Pas un poisson, pas une méduse, pas un mollusque, ni même un ver : nous avons été surpris quand ils ont découvert ce que nous avions attrapé

Pas une méduse, pas un poisson, pas un ver ni même un mollusque – qu’est-ce qu’une salpa, un morceau de viande en gelée, flottant sous la devise tendance « sans freins » ? Un corps transparent qui ressemble et ne ressemble pas à un poisson à la fois, dépourvu d’écailles, de cerveau, mais avec une mystérieuse « boulette » orange à l’intérieur… Salpa est un animal aussi étonnant qu’étrange. au premier coup d’œil.

Qu’est-ce que la salpa ? Ce n’est pas seulement une sorte d’organisme stupide, mais un fier représentant de la notocorde – une boule de tissu mou qui est le prédécesseur de la colonne vertébrale ! En fait, les salpes sont plus proches de nous qu’on ne le pense, encore plus proches que les poulpes.

Mais leur organisation est bien plus simple que celle des céphalopodes. Au lieu de muscles complexes, il existe un simple sac cutané-musculaire, contrôlé par un seul nœud nerveux. Et dans ce même nœud est intégré un œil, capable de distinguer la lumière de l’ombre (il ne convient à rien d’autre). C’est toute la simplicité de la structure de cette créature marine.

Les salpes sont également inhabituelles dans leur mode de vie.
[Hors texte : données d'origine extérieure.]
Lemma mdvd_lin_exp_mull q r k :
  ~ mdvd l q -> mdvd (l ^+ k) (q * r) -> mdvd (l ^+ k) r.
Proof.
have nz_l : l != 0 by rewrite lin_poly_eq0; apply: contraNneq nz_uj0 => ->; rewrite mxE.
move=> ndvd_q; elim: k r => [|k IHk] r; first by exists r; rewrite mulr1.
move=> dvd_qr; have [r1 def_r] : mdvd (l ^+ k) r.
  by apply: IHk; apply: mdvd_trans dvd_qr; exists l; rewrite exprS mulrC.
have : mdvd (l ^+ k * l) (l ^+ k * (q * r1)).
  by case: dvd_qr => s; rewrite def_r exprSr => eq_s; exists s; rewrite -eq_s; ring.
move/(mdvd_mul2l (expf_neq0 k nz_l))/mdvd_lin_mul => [//|[r2 def_r1]].
by exists r2; rewrite def_r def_r1 exprSr; ring.
Qed.

End PrimeLinearForm.

End LinearForms.

Section ProductOfLinearForms.
Variables (F : fieldType) (n : nat) (T : eqType) (L : T -> 'cV[F]_n).

Lemma mdvd_prod_lin_exp (s : seq T) (k : T -> nat) (f : {mpoly F[n]}) :
  uniq s -> {in s, forall x, L x != 0} ->
  {in s &, forall x y, x != y -> forall c, L y != c *: L x} ->
  {in s, forall x, mdvd (lin_poly (L x) ^+ k x) f} ->
  mdvd (\prod_(x <- s) lin_poly (L x) ^+ k x) f.
Proof.
elim: s => [|x s IHs] /=; first by exists f; rewrite big_nil mulr1.
case/andP=> s'x uniq_s nz_L nprop_L dvd_f; rewrite big_cons.
have [r def_f] : mdvd (\prod_(y <- s) lin_poly (L y) ^+ k y) f.
  apply: IHs => // [y s_y | y z s_y s_z | y s_y].
  - by apply: nz_L; rewrite inE s_y orbT.
  - by apply: nprop_L; rewrite inE ?s_y ?s_z orbT.
  - by apply: dvd_f; rewrite inE s_y orbT.
have [j0 nz_xj0] := exists_col_neq0 (nz_L x (mem_head x s)).
have ndvd_prod : ~ mdvd (lin_poly (L x)) (\prod_(y <- s) lin_poly (L y) ^+ k y).
  rewrite (mdvd_linP nz_xj0) rmorph_prod /=; apply/eqP.
  rewrite prodf_seq_neq0; apply/allP => y s_y /=.
  rewrite rmorphXn /= expf_neq0 // comp_kill_lin lin_poly_eq0 subr_eq0.
  by apply: nprop_L; rewrite ?inE ?s_y ?eqxx ?orbT //; apply: contraNneq s'x => ->.
have [r1 def_r] : mdvd (lin_poly (L x) ^+ k x) r.
  apply: (mdvd_lin_exp_mull nz_xj0 ndvd_prod).
  by rewrite mulrC -def_f; apply: dvd_f; apply: mem_head.
by exists r1; rewrite def_f def_r; ring.
Qed.

End ProductOfLinearForms.

Section Matrices.
Variables (F : fieldType) (n : nat).
Implicit Types (u : 'cV[F]_n) (w : 'rV[F]_n).

Lemma det_unitmx_neq0 (M : 'M[F]_n) : M \in unitmx -> \det M != 0.
Proof. by rewrite unitmxE unitfE. Qed.

Lemma kermx_col_factor u (B : 'M[F]_n) :
  u != 0 -> (kermx u <= kermx B)%MS -> exists w, B = u *m w.
Proof.
move=> /exists_col_neq0[j0 nz_uj0] sub_ker.
pose a : 'rV[F]_n := (u j0 0)^-1 *: delta_mx 0 j0.
have au : a *m u = 1%:M.
  apply/matrixP => i k; rewrite !ord1 -scalemxAl -rowE !mxE.
  by rewrite mulVf.
have : (1%:M - u *m a <= kermx B)%MS.
  apply: submx_trans sub_ker; apply/sub_kermxP.
  by rewrite mulmxBl mul1mx -mulmxA au mulmx1 subrr.
move/sub_kermxP; rewrite mulmxBl mul1mx => /eqP; rewrite subr_eq0 => /eqP->.
by exists (a *m B); rewrite mulmxA.
Qed.

(* the matrix determinant lemma, via a block factorisation *)
Lemma det_rank1 u w : \det (1%:M + u *m w) = 1 + (w *m u) 0 0.
Proof.
pose B := block_mx (1%:M : 'M_n) (- u) w (1%:M : 'M_1).
have B_lu : B = block_mx 1%:M 0 w 1%:M *m block_mx 1%:M (- u) 0 (1%:M + w *m u).
  rewrite mulmx_block !mul1mx !mul0mx !mulmx1 !addr0.
  by rewrite mulmxN addrCA addNr addr0.
have B_ul : B = block_mx (1%:M + u *m w) (- u) 0 1%:M *m block_mx 1%:M 0 w 1%:M.
  rewrite mulmx_block !mul1mx !mul0mx !mulmx1 !mulmx0 ?addr0 ?add0r.
  by rewrite mulNmx addrK.
have := congr1 determinant B_lu; rewrite B_ul !det_mulmx !det_lblock !det_ublock.
by rewrite !det1 !mul1r !mulr1 det_mx11 !mxE eqxx mulr1n => ->.
Qed.

Lemma row_ebase_sub m (A : 'M[F]_(m, n)) (j : 'I_n) :
  (j < \rank A)%N -> (row j (row_ebase A) <= A)%MS.
Proof.
move=> lt_jr; rewrite -(eq_row_base A).
have -> : row j (row_ebase A) = row (Ordinal lt_jr) (row_base A).
  apply/matrixP => z c; rewrite !mxE (bigD1 j) //= big1 => [|q ne_qj].
    by rewrite !mxE eqxx lt_jr mul1r addr0.
  by rewrite !mxE /= eq_sym (negbTE ne_qj : (q == j :> nat) = false) mul0r.
exact: row_sub.
Qed.

Lemma kermx_scale u c : (kermx u <= kermx (c *: u))%MS.
Proof. by apply/sub_kermxP; rewrite -scalemxAr mulmx_ker scaler0. Qed.

End Matrices.

Section FixingAHyperplane.
Variables (F : fieldType) (n : nat) (u : 'cV[F]_n) (M : 'M[F]_n).
Hypotheses (unit_M : M \in unitmx) (nz_u : u != 0)
  (fix_M : (kermx u <= kermx (M - 1%:M))%MS).
Local Notation l := (lin_poly u).

Lemma invmx_mul_fix_col : invmx M *m u = (\det M)^-1 *: u.
Proof.
have [w def_M1] := kermx_col_factor nz_u fix_M.
have def_M : M = 1%:M + u *m w by rewrite -def_M1 addrC subrK.
have Mu : M *m u = \det M *: u.
  rewrite {1}def_M mulmxDl mul1mx -mulmxA [w *m u]mx11_scalar mul_mx_scalar.
  by rewrite def_M det_rank1 scalerDl scale1r.
apply: (canRL (scalerK (det_unitmx_neq0 unit_M))).
by rewrite scalemxAr -Mu mulKmx.
Qed.

Lemma act_poly_fix_lin : act_poly M l = (\det M)^-1 *: l.
Proof. by rewrite act_lin_poly invmx_mul_fix_col linearZ. Qed.

Lemma mdvd_act_fix_sub p : mdvd l (act_poly M p - p).
Proof.
have fix_invM : (kermx u <= kermx (invmx M - 1%:M))%MS.
  apply/sub_kermxP; have /sub_kermxP := fix_M.
  rewrite !mulmxBr !mulmx1 => /eqP; rewrite subr_eq0 => /eqP x_fix.
  by rewrite -{1}x_fix mulmxK // subrr.
have [w def_invM1] := kermx_col_factor nz_u fix_invM.
apply: mdvd_comp_sub => i; rewrite tnth_mktuple -lin_poly_col1 -linearB /=.
have -> : col i (invmx M) - col i 1%:M = w 0 i *: u.
  apply/matrixP => k z; rewrite (ord1 z).
  have := congr1 (fun A : 'M[F]_n => A k i) def_invM1.
  by rewrite !mxE big_ord1 mulrC => ->.
by rewrite linearZ; apply/mdvdZ/mdvd_refl.
Qed.

Lemma transvection_mul_col : is_transvection M -> (M - 1%:M) *m u = 0.
Proof.
case/andP => _ /sub_kermxP; rewrite /fixspace.
have [w ->] := kermx_col_factor nz_u fix_M; set a := (w *m u) 0 0.
have uwu : u *m w *m u = a *: u.
  by rewrite -mulmxA [w *m u]mx11_scalar mul_mx_scalar.
rewrite mulmxA; rewrite uwu -scalemxAl => /eqP.
by rewrite scaler_eq0 => /orP[/eqP-> | /eqP uw0]; rewrite ?scale0r // -uwu uw0 mul0mx.
Qed.

(* Peeling off one more factor l from a semi-invariant: l^k | p gives
   M p = (det M)^-k (M (p / l^k)) l^k, and M (p / l^k) is p / l^k mod l. *)
Lemma mdvd_exp_semi_invariant p c k :
  act_poly M p = c *: p -> mdvd (l ^+ k) p -> (\det M)^-1 ^+ k != c ->
  mdvd (l ^+ k.+1) p.
Proof.
move=> semi_p [q def_p] ne_c.
have nz_l : l != 0 by rewrite lin_poly_eq0.
have [s def_s] := mdvd_act_fix_sub q.
pose dk := (\det M)^-1 ^+ k.
have : (c%:MP * q) * l ^+ k = (dk%:MP * (q + s * l)) * l ^+ k.
  rewrite -mulrA mul_mpolyC -def_p -semi_p def_p rmorphM rmorphXn /=.
  rewrite act_poly_fix_lin exprZn -scalerAr -mul_mpolyC.
  by rewrite -[act_poly M q](subrK q) def_s; ring.
move/(mulIf (expf_neq0 k nz_l)) => eq_q.
have nz_cdk : c - dk != 0 by rewrite subr_eq0 eq_sym.
exists (((c - dk)^-1 * dk)%:MP * s); rewrite def_p exprS.
have : (c - dk)%:MP * q = dk%:MP * (s * l) by rewrite rmorphB /= mulrBl eq_q; ring.
move/(congr1 (fun x => (c - dk)^-1%:MP * x)).
rewrite [X in X = _]mulrA -rmorphM /= mulVf // mpolyC1 mul1r => ->.
by rewrite rmorphM /=; ring.
Qed.

End FixingAHyperplane.

Section InvariantForms.
Variables (F : fieldType) (n : nat).
Implicit Types (w : form1 F n) (x : 'rV[F]_n).

(* the polynomial omega(x) obtained by evaluating a 1-form omega on the
   constant vector field x *)
Definition eval_form w x : {mpoly F[n]} := \sum_(i < n) w 0 i * (x 0 i)%:MP.

Fact eval_form_is_linear w : linear (eval_form w).
Proof.
move=> c x y; rewrite /eval_form scaler_sumr -big_split; apply: eq_bigr => i _.
by rewrite !mxE rmorphD rmorphM /= -mul_mpolyC; ring.
Qed.

HB.instance Definition _ w :=
  GRing.isLinear.Build F 'rV[F]_n {mpoly F[n]} _ (eval_form w)
    (eval_form_is_linear w).

Lemma act_eval_form (M : 'M[F]_n) w x :
  M \in unitmx -> act_form M w = w ->
  act_poly M (eval_form w x) = eval_form w (x *m M).
Proof.
move=> unit_M inv_w.
have w_j j : w 0 j = \sum_(i < n) act_poly M (w 0 i) * (invmx M j i)%:MP.
  by rewrite -{1}inv_w mxE.
rewrite /eval_form rmorph_sum /=.
under [RHS]eq_bigr => j _ do rewrite w_j mulr_suml.
rewrite exchange_big /=; apply: eq_bigr => i _.
rewrite rmorphM /= act_polyC.
under eq_bigr => j _ do rewrite -mulrA -rmorphM /=.
rewrite -mulr_sumr -rmorph_sum /=; congr (_ * (_)%:MP).
have := congr1 (fun A : 'rV[F]_n => A 0 i) (mulmxK unit_M x).
by rewrite mxE => <-; apply: eq_bigr => j _; rewrite mulrC.
Qed.

Variable omega : 'I_n -> form1 F n.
Ils existent dans une variété de tailles, de 3 mm à 30 cm, mais ils aiment tous naviguer sans soucis à travers les océans, filtrer l’eau et trouver des nutriments. Mais il y a aussi quelques subtilités ici.

Les salpes ont un processus unique appelé métagenèse – alternance de générations asexuées et sexuées. Tout commence par le fait qu’un individu asexué développe sur son corps une structure semblable à un curseur.

C’est ce qu’on appelle le stolon – un long ruban sur lequel apparaissent des dizaines, voire des centaines de jeunes salpes. Lorsqu’ils atteignent une certaine taille, ils se détachent et commencent à nager seuls.

Les jeunes salpes possèdent des organes reproducteurs femelles et mâles. Pour quoi? Pour l’autofécondation, bien sûr ! Cependant, la joie de la maternité ne dure pas longtemps pour elles.

Leurs descendants asexués se retrouvent dans la lacune – une sorte d’analogue du placenta. Ici, ils se nourrissent de la nourriture de leurs parents. Mais, hélas, non seulement elles absorbent l’énergie parentale, mais déchirent littéralement le corps, car les salpes n’ont pas d’ouvertures normales pour l’entrée et la sortie.